Loret’s, Mudder’s and a dozen more muddied brown eyes and wide, white teeth flashed at us, and the brother, Bruddy, stepped forward, his shy smile softening the square of his jaw as he held out his hand in welcome—first to Sid, then to me. Mudder come behind him, holding out her hand, and then Fudder, and Loret, and then the youngsters were swarming around, each trying to gain a spot in front of me or Sid, and staring curiously at Josie, who was still trying to hide behind my back.
“Now listen up, everyone,” Fonse ordered, tweaking one of the older ones on the ear and boxing at another. “There’s lots to say and do, but the important thing is—today we’re goin’ to have a weddin’, right here in the garden.”
“A weddin’!” Loret exclaimed.
“Yup, a weddin’,” Fonse repeated, looking towards me and Sid. “Sid and Kit is gettin’ married.”
A babble of excited shrieks went up and I stared incredulously at Fonse.
“Married!”
The choked sound must’ve been mine, because suddenly the sea of muddied eyes was swamping over me.

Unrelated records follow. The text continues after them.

(* Under the hypotheses of Theorem 1 with $R(\delta\theta)=\|\delta\theta\|_1$ on $\mathbb{R}^{p^2}$, there is a constant $\eta_2>0$ such that with high probability $$\|\nabla\mathcal{L}(\delta\theta^*;\mathfrak{X}_1^{n_1},\mathfrak{X}_2^{n_2})\|_\infty\le\frac{\eta_2\sqrt{\log p}}{\sqrt{\min(n_1,n_2)}}.$$
   Context: Theorem 1 refers to: Ising models $P(\mathbf{x}\mid\theta)\propto\exp\{\langle\theta,T(\mathbf{x})\rangle\}$ on $\{-1,1\}^p$ with $T(\mathbf{x})=(x_sx_t)_{s,t=1}^p$; samples $\{\mathbf x^1_i\}_{i=1}^{n_1}$ i.i.d. from $P(\cdot\mid\theta_1^* )$ and $\{\mathbf x^2_i\}_{i=1}^{n_2}$ i.i.d. from $P(\cdot\mid\theta_2^* )$, independent; $\delta\theta^*=\theta_1^*-\theta_2^*$; $Z(\delta\theta)=E_{X\sim P(\cdot\mid\theta_2^* )}[\exp\{\langle T(X),\delta\theta\rangle\}]$, $r(\mathbf{x}\mid\delta\theta)=\exp\{\langle T(\mathbf{x}),\delta\theta\rangle\}/Z(\delta\theta)$; loss $\mathcal{L}(\delta\theta)=-\frac1{n_1}\sum_i\langle T(\mathbf x_i^1),\delta\theta\rangle+\log\frac1{n_2}\sum_i\exp\{\langle T(\mathbf x_i^2),\delta\theta\rangle\}$; smooth density ratio assumption: for all $\mathbf u$ with $\|\mathbf u\|_2\le\|\delta\theta^*\|_2$ and $\epsilon\in\mathbb R$, $E_{X\sim P(\cdot\mid\theta_2^* )}[\exp\{\epsilon(r(X\mid\delta\theta^*+\mathbf u)-1)\}]\le e^{\epsilon^2}$; and the eigenvalue bound $\frac12\lambda_{\max}(\nabla^2\mathcal{L}(\delta\theta^*+\mathbf u))\le\eta_0$ for all $\|\mathbf u\|_2\le\|\delta\theta^*\|_2$. *)

From Stdlib Require Import Reals ClassicalEpsilon.
From mathcomp Require Import all_boot.
Set Implicit Arguments. Unset Strict Implicit. Unset Printing Implicit Defensive.
Local Open Scope R_scope.

Definition rsum (T : finType) (f : T -> R) : R := \big[Rplus/0]_(x : T) f x.
Definition rprod (T : finType) (f : T -> R) : R := \big[Rmult/1]_(x : T) f x.

Definition ind (P : Prop) : R :=
  if excluded_middle_informative P then 1 else 0.

(* spin configurations x in {-1,1}^p; coordinate s is spin (x s) *)
Definition config (p : nat) := {ffun 'I_p -> bool}.
Definition spin (b : bool) : R := if b then 1 else -1.

Definition param (p : nat) := 'I_p -> 'I_p -> R.

Definition suffT (p : nat) (x : config p) (s t : 'I_p) : R := spin (x s) * spin (x t).

Definition inner (p : nat) (th : param p) (x : config p) : R :=
  rsum (fun s : 'I_p => rsum (fun t : 'I_p => th s t * suffT x s t)).

Definition norm2 (p : nat) (u : param p) : R :=
  sqrt (rsum (fun s : 'I_p => rsum (fun t : 'I_p => u s t ^ 2))).

Definition padd (p : nat) (a b : param p) : param p := fun s t => a s t + b s t.
Definition psub (p : nat) (a b : param p) : param p := fun s t => a s t - b s t.
Definition pscale (p : nat) (h : R) (a : param p) : param p := fun s t => h * a s t.

Definition ebasis (p : nat) (s t : 'I_p) : param p :=
  fun s' t' => if (s' == s) && (t' == t) then 1 else 0.

Definition ising (p : nat) (th : param p) (x : config p) : R :=
  exp (inner th x) / rsum (fun y : config p => exp (inner th y)).

Definition expect (p : nat) (th : param p) (f : config p -> R) : R :=
  rsum (fun x : config p => ising th x * f x).

Definition Zfun (p : nat) (th2 dth : param p) : R :=
  expect th2 (fun x => exp (inner dth x)).
Definition ratio (p : nat) (th2 dth : param p) (x : config p) : R :=
  exp (inner dth x) / Zfun th2 dth.

Definition sample (p n : nat) := {ffun 'I_n -> config p}.

Definition loss (p n1 n2 : nat) (X1 : sample p n1) (X2 : sample p n2)
  (dth : param p) : R :=
  - (/ INR n1) * rsum (fun i : 'I_n1 => inner dth (X1 i))
  + ln (/ INR n2 * rsum (fun i : 'I_n2 => exp (inner dth (X2 i)))).

Definition prob (p n1 n2 : nat) (th1 th2 : param p)
  (E : sample p n1 -> sample p n2 -> Prop) : R :=
  rsum (fun X1 : sample p n1 => rsum (fun X2 : sample p n2 =>
    rprod (fun i : 'I_n1 => ising th1 (X1 i)) *
    rprod (fun j : 'I_n2 => ising th2 (X2 j)) * ind (E X1 X2))).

Fonse groaned towards Sid.
“Good Lord, man, haven’t you asked her yet?”
A smaller groan from Sid, then he was grabbing at my hand and pulling me towards an old shed, canopied beneath a grove of lilac bushes. Josie started to run after us, but Fonse caught her by the hand and pulled her back.
“Best you stay with us, Josie,” he coaxed. “Look, see the big freckle on Georgie’s back? Georgie, haul up your shirt and show Josie your big freckle.”
A wail of protest followed after us from Georgie. Then Sid pulled me up short in front of the shed.
“Married! Sid … ”
“I’m sorry, Kit, I meant to ask you up in the gully. And, well then I thought perhaps it would be better in the boat. But then … ahh, I figured I wouldn’t tell you … ”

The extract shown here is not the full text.